The "Question Presented" in the U.S. Supreme Court petition is "[w]hether it violates the religion clauses or the equal protection clause of the U.S. Constitution to invalidate a generally available and religiously neutral student-aid program simply because the program affords students the choice of attending religious schools."

In response, the Montana Department of Revenue asked the court not to hear the case, as the case never reached the religion clause or equal protection issues at the state level, and the case hinged on the state constitution. Because a program is no longer in place, the department argued that the U.S. Supreme Court lacks the jurisdiction to decide the dispute. The department further argued that the petitioners failed to raise federal equal protection and free exercise arguments in the lower courts.

We will continue to follow this case as it develops.



Case Name:

Espinoza v.

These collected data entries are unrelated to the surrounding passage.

Lemma tens1_apply psi : opapply (tens (fun _ => 1%:M)) psi = psi.
Proof.
have -> : (fun _ : 'I_n => 1%:M) = fun i => pauli_shift ((0 : bits n) 0 i) ((0 : bits n) 0 i).
  by apply: functional_extensionality => i; rewrite mxE pauli_shift00.
rewrite tens_shift_apply; apply: functional_extensionality => s.
by rewrite /dot mul0mx mxE addr0 /sgn eqxx mul1r.
Qed.

Lemma tens_invmx_applyK f psi :
  (forall i, f i \in unitmx) ->
  opapply (tens (fun i => invmx (f i))) (opapply (tens f) psi) = psi.
Proof.
move=> fU; rewrite -opapply_mul tens_mul.
have -> : (fun i => invmx (f i) *m f i) = fun _ => 1%:M.
  by apply: functional_extensionality => i; exact: mulVmx.
exact: tens1_apply.
Qed.

Lemma gpowX (a : bits n) : gpow Xg a = tens (fun i => pauli_shift (a 0 i) ((0 : bits n) 0 i)).
Proof.
congr tens; apply: functional_extensionality => i; rewrite mxE.
by case: (F2_cases (a 0 i)) => ->; rewrite ?pauli_shiftX ?pauli_shift00.
Qed.

Lemma gpowZ (b : bits n) : gpow Zg b = tens (fun i => pauli_shift ((0 : bits n) 0 i) (b 0 i)).
Proof.
congr tens; apply: functional_extensionality => i; rewrite mxE.
by case: (F2_cases (b 0 i)) => ->; rewrite ?pauli_shiftZ ?pauli_shift00.
Qed.

End TensorOperators.

Section CSSCode.
Variables (n : nat) (A B : 'M['F_2]_n).
Hypothesis AB : A *m B^T = 0.

Lemma submxB_closed (a b : bits n) : (a <= A)%MS -> (b <= A)%MS -> ((a - b)%R <= A)%MS.
Proof. by move=> aA bA; rewrite addmx_sub // eqmx_opp. Qed.

Lemma addmx_sub_eq (u a : bits n) : (a <= A)%MS -> ((u + a)%R <= A)%MS = (u <= A)%MS.
Proof.
move=> aA; apply/idP/idP => uA; last exact: addmx_sub uA aA.
by rewrite -(addrK a u) submxB_closed.
Qed.

Lemma dot_orth (z t : bits n) : (z <= B)%MS -> t *m B^T = 0 -> dot z t = 0.
Proof.
case/submxP => D -> tB; rewrite /dot -mulmxA -[B *m _]trmxK trmx_mul trmxK tB.
by rewrite trmx0 mulmx0 mxE.
Qed.

Definition coset_state (y : bits n) : bits n -> algC :=
  fun s => if ((s - y)%R <= A)%MS then 1 else 0.

Lemma coset_state_code (y : bits n) : y *m B^T = 0 -> in_codespace A B (coset_state y).
Proof.
move=> yB; split=> a aS; rewrite ?gpowX ?gpowZ tens_shift_apply;
  apply: functional_extensionality => s; rewrite /coset_state.
  by rewrite /dot mul0mx mxE /sgn eqxx mul1r (addrAC s) (addmx_sub_eq _ aS).
rewrite addr0; case: ifP => [/submxP [w sy] | _]; last by rewrite mulr0.
rewrite dot_orth ?/sgn ?eqxx ?mulr1 //.
by rewrite -(subrK y s) sy mulmxDl -mulmxA AB mulmx0 yB addr0.
Qed.

Lemma orth_orth_submx (z : bits n) :
  (forall y : bits n, y *m B^T = 0 -> dot z y = 0) -> (z <= B)%MS.
Proof.
move=> zB; set K := kermx B^T.
have zK : (z <= kermx K^T)%MS.
  apply/sub_kermxP/rowP => j; rewrite !mxE -[RHS](zB (row j K)); last first.
    by rewrite -row_mul mulmx_ker row0.
  by rewrite /dot mxE; apply: eq_bigr => k _; rewrite !mxE.
have BK : (B <= kermx K^T)%MS.
  by apply/sub_kermxP; rewrite -[B]trmxK -trmx_mul mulmx_ker trmx0.
apply: submx_trans zK _; rewrite -(mxrank_leqif_sup BK).2.
by rewrite mxrank_ker mxrank_tr mxrank_ker mxrank_tr subKn // rank_leq_col.
Qed.

(* The coset state of 0 forces x in A, and then the coset state of any y
   orthogonal to B forces z . y = 0. *)
Lemma shift_stabilizer_sub (x z : bits n) (c : algC) :
  (forall psi, in_codespace A B psi ->
     opapply (tens (fun i => pauli_shift (x 0 i) (z 0 i))) (fun t => c * psi t) = psi) ->
  (x <= A)%MS /\ (z <= B)%MS.
Proof.
move=> stab.
have at_y y s : y *m B^T = 0 ->
    sgn (dot z (s + x)) * (c * coset_state y (s + x)) = coset_state y s.
  by move=> yB; have := stab _ (coset_state_code yB); rewrite tens_shift_apply => /(congr1 (@^~ s)).
have := at_y 0 0 (mul0mx _ _); rewrite /coset_state !add0r !subr0 oppr0 sub0mx.
have [xA|_] := boolP (x <= A)%MS; last by rewrite !mulr0 => /eqP; rewrite eq_sym oner_eq0.
rewrite mulr1 => cx; split=> //; apply: orth_orth_submx => y yB.
apply: sgn_eq1; have := at_y y y yB; rewrite /coset_state (addrC y) addrK xA subrr sub0mx.
by rewrite dotD sgnD mulr1 mulrAC cx mul1r.
Qed.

Montana Department of Revenue  (Supreme Court Docket Number 18-1194
Question Presented: Whether it violates the religion clauses or the equal protection clause of the United States Constitution to invalidate a generally available and religiously neutral student-aid program simply because the program affords students the choice of attending religious schools.

Related Cases:

Trinity Lutheran Church v. Comer, 137 S. Ct. 2012 (2017), (The exclusion of churches from an otherwise neutral and secular aid program violates the First Amendment’s guarantee of free exercise of religion. )

Locke v. Davey, 540 U.S. 712 (2004) (States do not violate the Free Exercise Clause by denying state funds to college students pursuing degrees in theology.)